EMPLOYMENT APPEAL TRIBUNAL
58 VICTORIA EMBANKMENT, LONDON EC4Y 0DS
             At the Tribunal
             On 26 July 1999

Before

HIS HONOUR JUDGE D M LEVY QC

MR P R A JACQUES CBE

PROFESSOR P D WICKENS OBE



AMITY INSULATION SERVICES LTD APPELLANT

MR A J LUTENER RESPONDENT


Transcript of Proceedings

JUDGMENT

PRELIMINARY HEARING

© Copyright 1999


    APPEARANCES

     

    For the Appellant MR D PANESAR
    (OF COUNSEL)
    (Instructed by)
    Messrs D A Borland & Co
    Solicitors
    24 Mill Street
    Eynsham
    Witney
    Oxford OX8 1JS
       


     

    JUDGE D M LEVY QC: This is the preliminary hearing of an Appeal by Amity Insulation Services Ltd ("the Appellant") from a decision of an Employment Tribunal sitting in Reading on 23rd November 1999 to hear a complaint made by Mr A J Lutener ("the Respondent").

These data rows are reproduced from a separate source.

Lemma is_derive_expsum (s A B x : R) :
  is_derive x 1 (expsum s A B) (expsum s (s * A) (- (s * B)) x).
Proof.
have dexp k : is_derive x 1 (fun z => expR (k * z)) (k * expR (k * x)).
  have dlin : is_derive x 1 (fun z : R => k * z) k.
    by rewrite -[k in is_derive _ _ _ k]mulr1; exact: is_deriveZ.
  by rewrite mulrC; exact: (is_derive1_comp (is_derive_expR (k * x)) dlin).
have -> : expsum s A B = A \*: (fun z => expR (s * z)) + B \*: (fun z => expR (- s * z)).
  by apply/funext => z; rewrite /expsum -mulNr.
have -> : expsum s (s * A) (- (s * B)) x
    = A *: (s * expR (s * x)) + B *: (- s * expR (- s * x)).
  by rewrite /expsum /GRing.scale /= !mulNr; ring.
exact: is_deriveD (is_deriveZ _ (dexp s)) (is_deriveZ _ (dexp (- s))).
Qed.

Lemma continuous_expsum (s A B : R) : continuous (expsum s A B).
Proof.
move=> x; apply: differentiable_continuous; apply/derivable1_diffP.
by have [] := is_derive_expsum s A B x.
Qed.

Lemma C2_on_expsum (a b s A B : R) :
  C2_on a b (expsum s A B) (expsum s (s * A) (- (s * B)))
    (fun x => s ^+ 2 * expsum s A B x).
Proof.
have -> : (fun x => s ^+ 2 * expsum s A B x)
    = expsum s (s * (s * A)) (- (s * - (s * B))).
  by apply/funext => x; rewrite /expsum; ring.
split; try by move=> x _; exact: is_derive_expsum.
all: exact/continuous_subspaceT/continuous_expsum.
Qed.

End ExpSum.

Lemma within_continuous_mull {R : realType} (A : set R) (k : R) (f : R -> R) :
  {within A, continuous f} -> {within A, continuous (fun x => k * f x)}.
Proof.
move=> cf; apply: (@within_continuous_comp _ _ _ _ _ ( *%R k)) => // y _.
exact: mulrl_continuous.
Qed.

Section C2Algebra.
Context {R : realType} {a b : R}.

Lemma C2_onD {f f1 f2 g g1 g2 : R -> R} :
  C2_on a b f f1 f2 -> C2_on a b g g1 g2 ->
  C2_on a b (fun x => f x + g x) (fun x => f1 x + g1 x) (fun x => f2 x + g2 x).
Proof.
case=> cf cf1 cf2 df df1 [cg cg1 cg2 dg dg1].
split; try exact: within_continuousD.
- by move=> x xab; exact: is_deriveD (df x xab) (dg x xab).
- by move=> x xab; exact: is_deriveD (df1 x xab) (dg1 x xab).
Qed.

Lemma C2_onZ (k : R) {f f1 f2 : R -> R} :
  C2_on a b f f1 f2 ->
  C2_on a b (fun x => k * f x) (fun x => k * f1 x) (fun x => k * f2 x).
Proof.
case=> cf cf1 cf2 df df1; split; try exact: within_continuous_mull.
- by move=> x xab; exact: is_deriveZ (df x xab).
- by move=> x xab; exact: is_deriveZ (df1 x xab).
Qed.

End C2Algebra.

Lemma continuous_itv_integrable {R : realType} (mu : {measure set R -> \bar R})
    (a b : R) (f : R -> R) :
  (mu `[a, b]%classic < +oo)%E -> {within `[a, b], continuous f} ->
  mu.-integrable `[a, b] (EFin \o f).
Proof.
move=> fin cf; apply: measurable_bounded_integrable => //.
  exact: subspace_continuous_measurable_fun.
have /compact_bounded[M [_ Mf]] := continuous_compact cf (@segment_compact _ a b).
by exists M; split; rewrite ?num_real // => ? ? ? ?; exact: Mf.
Qed.

Lemma big_ord2 {R : nmodType} (F : 'I_2 -> R) : \sum_(j < 2) F j = F ord0 + F ord_max.
Proof. by rewrite big_ord_recr big_ord1; congr (F _ + _); exact: val_inj. Qed.

Lemma eq_intS {R : realType} {N : nat} (r : 'I_N -> R)
    (mu : 'I_N -> {measure set R -> \bar R}) (f g : 'I_N -> R -> R) :
  (forall k x, x \in `[0, r k] -> f k x = g k x) -> Defs.intS r mu f = Defs.intS r mu g.
Proof.
move=> fg; apply: eq_bigr => k _; apply: eq_Rintegral => x.
by rewrite inE => /fg->.
Qed.

Section SubProbability.
Context {R : realType} {N : nat} {r : 'I_N -> R} {mu : 'I_N -> {measure set R -> \bar R}}.
Hypothesis mu_subprob : subprobS r mu.

Let itv_le_setT k : (mu k `[0%R, r k]%classic <= mu k setT)%E.
Proof. by apply: le_measure; rewrite ?inE. Qed.

Lemma subprobS_itv_finite k : (mu k `[0%R, r k]%classic < +oo)%E.
Proof.
have [_ mu1] := mu_subprob.
apply: (le_lt_trans (itv_le_setT k)); apply: (le_lt_trans _ (ltry 1)).
by apply/(le_trans _ mu1); rewrite (bigD1 k) //= leeDl // sume_ge0.
Qed.

Lemma subprobS_itv_mass_le1 : \sum_(k < N) fine (mu k `[0%R, r k]%classic) <= 1.
Proof.
have [_ mu1] := mu_subprob; rewrite -lee_fin -sumEFin; apply/(le_trans _ mu1).
apply: lee_sum => k _.
by rewrite fineK ?itv_le_setT // ge0_fin_numE ?measure_ge0 ?subprobS_itv_finite.
Qed.

Lemma subprobS_integrable k (f : R -> R) : {within `[0, r k], continuous f} ->
  (mu k).-integrable `[0, r k] (EFin \o f).
Proof. exact/continuous_itv_integrable/subprobS_itv_finite. Qed.

End SubProbability.

Section FiniteFixpoint.
Context {R : realFieldType} {T : finType} (M : T -> T -> R).

Lemma substochastic_fixpoint_eq0 (v : T -> R) :
  (forall t s, 0 <= M t s) -> (forall t, \sum_s M t s < 1) ->
  (forall t, v t = \sum_s M t s * v s) -> forall t, v t = 0.
Proof.
move=> M0 M1 hv t.
have [t0 _ t0max] := @arg_maxP _ _ T t predT (fun s => `|v s|) isT.
have : `|v t0| <= (\sum_s M t0 s) * `|v t0|.
  rewrite {1}hv mulr_suml; apply: le_trans (ler_norm_sum _ _ _) _.
  apply: ler_sum => s _; rewrite normrM ger0_norm //.
  by apply: ler_wpM2l => //; exact: t0max.
rewrite -subr_le0 -[X in X - _]mul1r -mulrBl pmulr_rle0 ?subr_gt0 // => vt0.
by apply/normr0_eq0/eqP; rewrite eq_le normr_ge0 andbT (le_trans (t0max t isT)).
Qed.

Lemma affine_fixpoint_exists (b : T -> R) :
  (forall v, (forall t, v t = \sum_s M t s * v s) -> forall t, v t = 0) ->
  exists u, forall t, u t = b t + \sum_s M t s * u s.
Proof.
(* v |-> v - M v is injective, so its matrix in the basis enumerating T is invertible *)
move=> Mker; set n := #|T|.
have sumT (F : T -> R) : \sum_s F s = \sum_(i < n) F (enum_val i).
  rewrite (reindex (@enum_val T (mem T))) //=.
  by exists enum_rank => x _; [exact: enum_valK | exact: enum_rankK].
pose A : 'M[R]_n := \matrix_(i, j) ((i == j)%:R - M (enum_val j) (enum_val i)).
have mulA (v : 'rV[R]_n) t :
    (v *m A) 0 (enum_rank t) = v 0 (enum_rank t) - \sum_s M t s * v 0 (enum_rank s).
  rewrite mxE sumT; under eq_bigr do rewrite mxE mulrBr.
  rewrite sumrB; congr (_ - _).
    rewrite (bigD1 (enum_rank t)) //= eqxx mulr1 big1 ?addr0 // => i /negbTE->.
    exact: mulr0.
  by apply: eq_bigr => i _; rewrite enum_rankK enum_valK mulrC.
have A_unit : A \in unitmx.
  rewrite unitmxE unitfE; apply/negP => /det0P[v /negP v_neq0 vA0].
  apply: v_neq0; apply/eqP/matrixP => i j; rewrite ord1 mxE -(enum_valK j).
  apply: (Mker (fun t => v 0 (enum_rank t))) => t; apply/eqP.
  by rewrite -subr_eq0 -mulA vA0 mxE.
pose u := \row_i b (enum_val i) *m invmx A.
exists (fun t => u 0 (enum_rank t)) => t.
by apply/eqP; rewrite -subr_eq -mulA mulmxKV // mxE enum_rankK.
Qed.
Lemma arm_meets L M Y : arms_at A v L M -> path e (last v p) Y ->
  {subset Y <= A} -> uniq Y ->
  exists h, arm_bound c (size L) (size M) (size Y) h /\
    forall b i, h = Some (b, i) -> nth v (if b then L else M) i \in Y.
Proof.
move=> arms pY sY uY; have [hit|miss] := boolP (has (mem (L ++ M)) Y); last first.
  have miss_short X : [/\ path e v X, uniq X & {subset X <= A}] ->
      {subset X <= L ++ M} -> size X + size Y < c.
    case=> pX uX sX X_LM; apply: extension_short pX pY _ _.
      by rewrite cat_uniq uX uY andbT; apply: contra miss; apply: sub_has.
    by move=> z; rewrite mem_cat => /orP[/sX|/sY].
  exists None; split=> //; split; apply: miss_short.
  - exact: arms_at_left arms.
  - by move=> z zL; rewrite mem_cat zL.
  - exact: arms_at_left (arms_atC arms).
  - by move=> z zM; rewrite mem_cat zM orbT.
case/split_find: hit pY sY uY => x Y0 Y1 xLM Y0_miss pY sY uY.
have pY0x : path e (last v p) (rcons Y0 x) by move: pY; rewrite cat_path => /andP[].
have sY0 : {subset Y0 <= A}.
  by move=> z z_Y0; apply: sY; rewrite mem_cat mem_rcons inE z_Y0 orbT.
have uY0 : uniq Y0 by move: uY; rewrite cat_uniq rcons_uniq => /and3P[/andP[]].
have xY : x \in rcons Y0 x ++ Y1 by rewrite mem_cat mem_rcons mem_head.
move: xLM; rewrite inE mem_cat => /orP[xL|xM].
- exists (Some (true, index x L)); split; last by move=> _ _ [<- <-]; rewrite nth_index.
  apply: first_hit_bound (arms_atC arms) pY0x sY0 uY0 _ xL.
  by apply: contra Y0_miss; apply: sub_has => z; rewrite !inE !mem_cat orbC.
- exists (Some (false, index x M)); split; last by move=> _ _ [<- <-]; rewrite nth_index.
  exact: first_hit_bound arms pY0x sY0 uY0 Y0_miss xM.
Qed.

Variable n : nat.
Hypotheses (n_ge2 : 2 <= n) (c_le : 3 * c <= 2 * n + 4).
Hypothesis A_le : longest_path_le A n.
Hypothesis A_max : forall u, u \in U :\: A ->
  exists s, [/\ is_gpath e s, {subset s <= u |: A} & n < size s].

Lemma short_extension_absurd : False.
Proof.
have arms_through u : u \in v :: p ->
    exists L M, arms_at A u L M /\ n <= size L + size M.
  move=> u_vp; have [s [s_gpath sA s_long]] := A_max (vp_out u_vp).
  have u_s : u \in s.
    apply: contraLR s_long => u_s; rewrite -leqNgt; apply: A_le _ s_gpath _ => z z_s.
    by have := sA z z_s; rewrite !inE; case: eqP => // z_u; rewrite -z_u z_s in u_s.
  have [L [M [arms size_s]]] := gpath_arms s_gpath sA u_s.
  by exists L, M; rewrite -ltnS -size_s.
have [L [M [R R_long]]] := arms_through v (mem_head _ _).
have [Y1 [Y2 [S S_long]]] := arms_through _ (mem_last v p).
have [pL uL sL] := arms_at_left R; have [pM uM sM] := arms_at_left (arms_atC R).
have [pY1 uY1 sY1] := arms_at_left S; have [pY2 uY2 sY2] := arms_at_left (arms_atC S).
have [h1 [B1 meet1]] := arm_meets R pY1 sY1 uY1.
have [h2 [B2 meet2]] := arm_meets R pY2 sY2 uY2.
have [[b i] [h1_eq h2_eq]] := arm_bounds_collide n_ge2 c_le R_long S_long
  (arm_short pL uL sL) (arm_short pM uM sM)
  (end_arm_short pY1 uY1 sY1) (end_arm_short pY2 uY2 sY2) B1 B2.
case: S => _ _ + _; rewrite cat_uniq => /and3P[_ /hasPn /(_ _ (meet2 b i h2_eq))].
by rewrite meet1.
Qed.

End Extension.

Lemma longest_path_le_setD n c m (U A : {set T}) :
  2 <= n -> 3 * c <= 2 * n + 4 -> A \subset U -> longest_path_le A n ->
  (forall u, u \in U :\: A ->
     exists s, [/\ is_gpath e s, {subset s <= u |: A} & n < size s]) ->
  longest_path_le U (m + c) -> longest_path_le (U :\: A) m.
Proof.
move=> n_ge2 c_le AU A_le A_max U_le [//|v p] vp_gpath vp_out.
rewrite leqNgt; apply/negP => vp_long.
apply: (short_extension_absurd vp_gpath vp_out AU _ n_ge2 c_le A_le A_max).
by move=> s s_gpath sU; rewrite (leq_ltn_trans (U_le s s_gpath sU)) ?ltn_add2r.
Qed.
Lemma suffix_min_swap v i j k : i < j -> j < k -> v k < v i -> v k < v j ->
  suffix_min (tperm i j * v)%g =1 suffix_min v.
Proof.
move=> hij hjk hki hkj p.
have [hp|hp] := ltnP p N; last by rewrite !suffix_min_out.
have [l hl e] := suffix_min_attained v hp.
set m := suffix_min v p in e *.
have lb l' : p <= l' -> m <= v l' by apply: suffix_min_le.
apply: suffix_minE => //.
  have [eli|nli] := eqVneq l i.
    by exists j; rewrite ?permM ?tpermR -?e ?eli //; move: hl; rewrite eli; lia.
  have [elj|nlj] := eqVneq l j.
    by have := lb k; move: e hl; rewrite elj; lia.
  by exists l; rewrite // permM tpermD // eq_sym.
move=> l' hl'; rewrite permM; case: tpermP => [ei|ej|_ _]; last exact: lb.
  by apply: lb; move: hl'; rewrite ei; lia.
have [hpi|hpi] := leqP p i; first exact: lb.
by have := lb k; move: hl'; rewrite ej; lia.
Qed.

Lemma len_swap_lt v i j : i < j -> v j < v i -> len (tperm i j * v)%g < len v.
Proof.
move=> hij hv; rewrite !lenE.
set t := tperm i j.
(* Pairs with an end strictly between i and j are kept, the others are moved
   by t: this injects the inversions of t v into those of v other than (i, j). *)
pose mid (p : 'I_N) := (i < p) && (p < j).
have midt p : mid (t p) = mid p by rewrite /mid /t; case: tpermP => [->|->|]; lia.
pose phi (q : 'I_N * 'I_N) := if mid q.1 || mid q.2 then q else (t q.1, t q.2).
have phiK : involutive phi.
  move=> [a b]; rewrite /phi /=; case: (boolP (mid a || mid b)) => h /=; rewrite ?h //.
  by rewrite !midt (negbTE h) !tpermK.
have inij : (i, j) \in inversions v by rewrite !inE /= hij hv.
have sub : phi @: inversions (t * v)%g \subset inversions v :\ (i, j).
  apply/subsetP => q /imsetP[[a b]]; rewrite !inE /= !permM => /andP[hab hs] ->.
  rewrite /phi /=; case: ifP => hm /=.
    apply/andP; split.
      by apply/negP => /eqP [ea eb]; move: hm; rewrite /mid ea eb; lia.
    by move: hab hm hs; rewrite /mid /t; do 2!case_tperm; lia.
  rewrite /= hs andbT; apply/andP; split.
    apply/negP => /eqP [ea eb].
    have e1 : a = j by rewrite -(tpermK i j a) -/t ea tpermL.
    have e2 : b = i by rewrite -(tpermK i j b) -/t eb tpermR.
    by move: hab hij; rewrite e1 e2; lia.
  by move: hab hm hs; rewrite /mid /t; do 2!case_tperm; lia.
have := subset_leq_card sub.
rewrite card_imset; last exact: can_inj phiK.
by rewrite (cardsD1 (i, j) (inversions v)) inij add1n ltnS.
Qed.

Lemma contains321_shorter v : contains v pat321 ->
  exists2 v' : 'S_N, suffix_min v' =1 suffix_min v & len v' < len v.
Proof.
move/contains321P => /existsP[i /existsP[j /existsP[k /and4P[hij hjk hkj hji]]]].
exists (tperm i j * v)%g; last exact: len_swap_lt.
exact: suffix_min_swap hij hjk (ltn_trans hkj hji) hkj.
Qed.

Lemma contains231_longer v : contains v pat231 ->
  exists2 v' : 'S_N, suffix_min v' =1 suffix_min v & len v < len v'.
Proof.
move/contains231P => /existsP[i /existsP[j /existsP[k /and4P[hij hjk hki hij']]]].
exists (tperm i j * v)%g; first exact: suffix_min_swap hij hjk hki (ltn_trans hki hij').
have := @len_swap_lt (tperm i j * v)%g i j hij.
by rewrite mulgA tperm2 mul1g !permM tpermL tpermR; apply.
Qed.

Lemma len_le_square v : len v <= N * N.
Proof. by rewrite lenE; have := max_card (inversions v); rewrite card_prod card_ord. Qed.

Lemma exists_avoids321_le v :
  exists u : 'S_N, [/\ suffix_min u =1 suffix_min v, avoids u pat321 & len u <= len v].
Proof.
move: {2}(@len N v) (leqnn (@len N v)) => d; elim: d v => [|d IH] v hv;
  (have [/contains321_shorter[v' sv' lv']|av] := contains321P v; last by exists v).
  lia.
have [u [su au lu]] := IH v' ltac:(lia).
by exists u; split=> // [p|]; [rewrite su sv' | lia].
Qed.

Lemma exists_avoids231_ge v :
  exists u : 'S_N, [/\ suffix_min u =1 suffix_min v, avoids u pat231 & len v <= len u].
Proof.
move: {2}(N * N - @len N v) (leqnn (N * N - @len N v)) => d.
elim: d v => [|d IH] v hv;
  (have [/contains231_longer[v' sv' lv']|av] := contains231P v; last by exists v);
  have := len_le_square v'.
  lia.
move=> hv'; have [u [su au lu]] := IH v' ltac:(lia).
by exists u; split=> // [p|]; [rewrite su sv' | lia].
Qed.

Lemma first_difference_321 u u' l : suffix_min u =1 suffix_min u' ->
  (forall p : 'I_N, p < l -> u p = u' p) -> u l < u' l -> contains u' pat321.
Proof.
move=> su pre lt_l; set m := (u'^-1)%g (u l).
have um : u' m = u l by rewrite permKV.
have hlm : l < m.
  case: (ltngtP l m) => // h; last by move: lt_l; rewrite -um (ord_inj h) ltnn.
  by have := pre m h; rewrite um => /perm_inj e; move: h; rewrite e ltnn.
have [q hq eq] := suffix_min_attained u (ltn_ord m).
have qnl : u q != u l by apply/negP => /eqP/perm_inj eql; move: hq hlm; rewrite eql; lia.
have h1 : suffix_min u' m <= u' m by apply: suffix_min_le.
have h2 : suffix_min u' m < u l.
  by move: h1 qnl; rewrite -su -eq um -(inj_eq val_inj) /=; lia.
have [k hk ek] := suffix_min_attained u' (ltn_ord m).
have hmk : m < k.
  case: (ltngtP m k) => // h; first by move: hk h; lia.
  by move: h2; rewrite -ek -(ord_inj h) um ltnn.
apply/contains321P/existsP; exists l; apply/existsP; exists m; apply/existsP; exists k.
by rewrite hlm hmk um ek h2.
Qed.

Lemma last_difference_231 u u' l : suffix_min u =1 suffix_min u' ->
  (forall p : 'I_N, l < p -> u p = u' p) -> u l < u' l -> contains u' pat231.
Proof.
move=> su post lt_l; set m := (u'^-1)%g (u l).
have um : u' m = u l by rewrite permKV.
have hml : m < l.
  case: (ltngtP l m) => // h; last by move: lt_l; rewrite -um (ord_inj h) ltnn.
  by have := post m h; rewrite um => /perm_inj e; move: h; rewrite e ltnn.
have [q hq eq] := suffix_min_attained u (ltn_ord l).
have hlq : l < q.
  case: (ltngtP l q) => // h; first by move: hq h; lia.
  have [q' hq' eq'] := suffix_min_attained u' (ltn_ord l).
  move: eq'; rewrite -su -eq -(ord_inj h) -um => /val_inj /perm_inj e.
  by move: hq' hml; rewrite e; lia.
have qnl : u q != u l by apply/negP => /eqP/perm_inj e; move: hlq; rewrite e ltnn.
have h1 : suffix_min u l <= u l by apply: suffix_min_le.
apply/contains231P/existsP; exists m; apply/existsP; exists l; apply/existsP; exists q.
rewrite hml hlq um -(post q hlq) lt_l eq andbT /=.
by move: h1 qnl; rewrite -eq -(inj_eq val_inj) /=; lia.
Qed.

Lemma exists_first_difference u u' : u != u' ->
  exists2 l, u l != u' l & forall p : 'I_N, p < l -> u p = u' p.
Proof.
move=> neq; have /existsP[l0 hl0] : [exists l, u l != u' l].
  by apply: contraNT neq => /existsPn same; apply/eqP/permP => l; apply/eqP/negPn/same.
case: (@arg_minnP _ l0 (fun l => u l != u' l) (@nat_of_ord N) hl0) => l hl lmin.
by exists l => // p hp; apply/eqP; apply: contraTT hp => /lmin; rewrite -leqNgt.
Qed.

  1. The Appeal arises in these circumstances. By an Originating Application sent to an Employment Tribunal on 29th July 1998, the Respondent complained that he was subject to a dismissal which was unfair in the sense that the behaviour of the Appellant made him leave his job because, in the course of his employment, he had had an affair with another member of the staff.
  2. There was a hearing of the Respondent's complaint before a Tribunal at Reading on 23rd November. At that hearing the Appellant was represented by a solicitor; the Respondent was in person. The decision was promulgated on 5th February 1999. The Tribunal decided that the claim of the Respondent succeeded. From that decision there was an Appeal dated 17th March 1999. Mr Panesar, in fluent submissions this morning, has submitted to us that fresh evidence should have to be introduced because, in the course of the hearing, evidence as to the Chairman of the Appellant's conduct towards the Respondent was given which had not been forecast in any witness statement exchanged prior to the hearing.
  3. We have in our bundle of correspondence a letter from the Respondent to the Appellant dated 14th July 1998 which accompanied the Originating Application. This makes clear that the Respondent was less than happy with the treatment which he had been receiving from the Chairman. In those circumstances, if the Respondent did not choose to call the Chairman as a witness to answer the allegations in the letter that is a matter for it. If, as Mr Panesar suggests, the evidence given by or on behalf of the Appellant went further than was expected from the witness statement, he cannot now complain. It was always open to the representative of the Appellant appearing at the hearing to seek an adjournment and there is no suggestion that was done.
  4. This is not a case where the well known limited circumstances for fresh evidence to be admitted arise. There is, in our judgment, a decision made by the Employment Tribunal which it was well within its range to make on the evidence which was before it. This is a quite hopeless Appeal, we therefore, we dismiss it at this stage.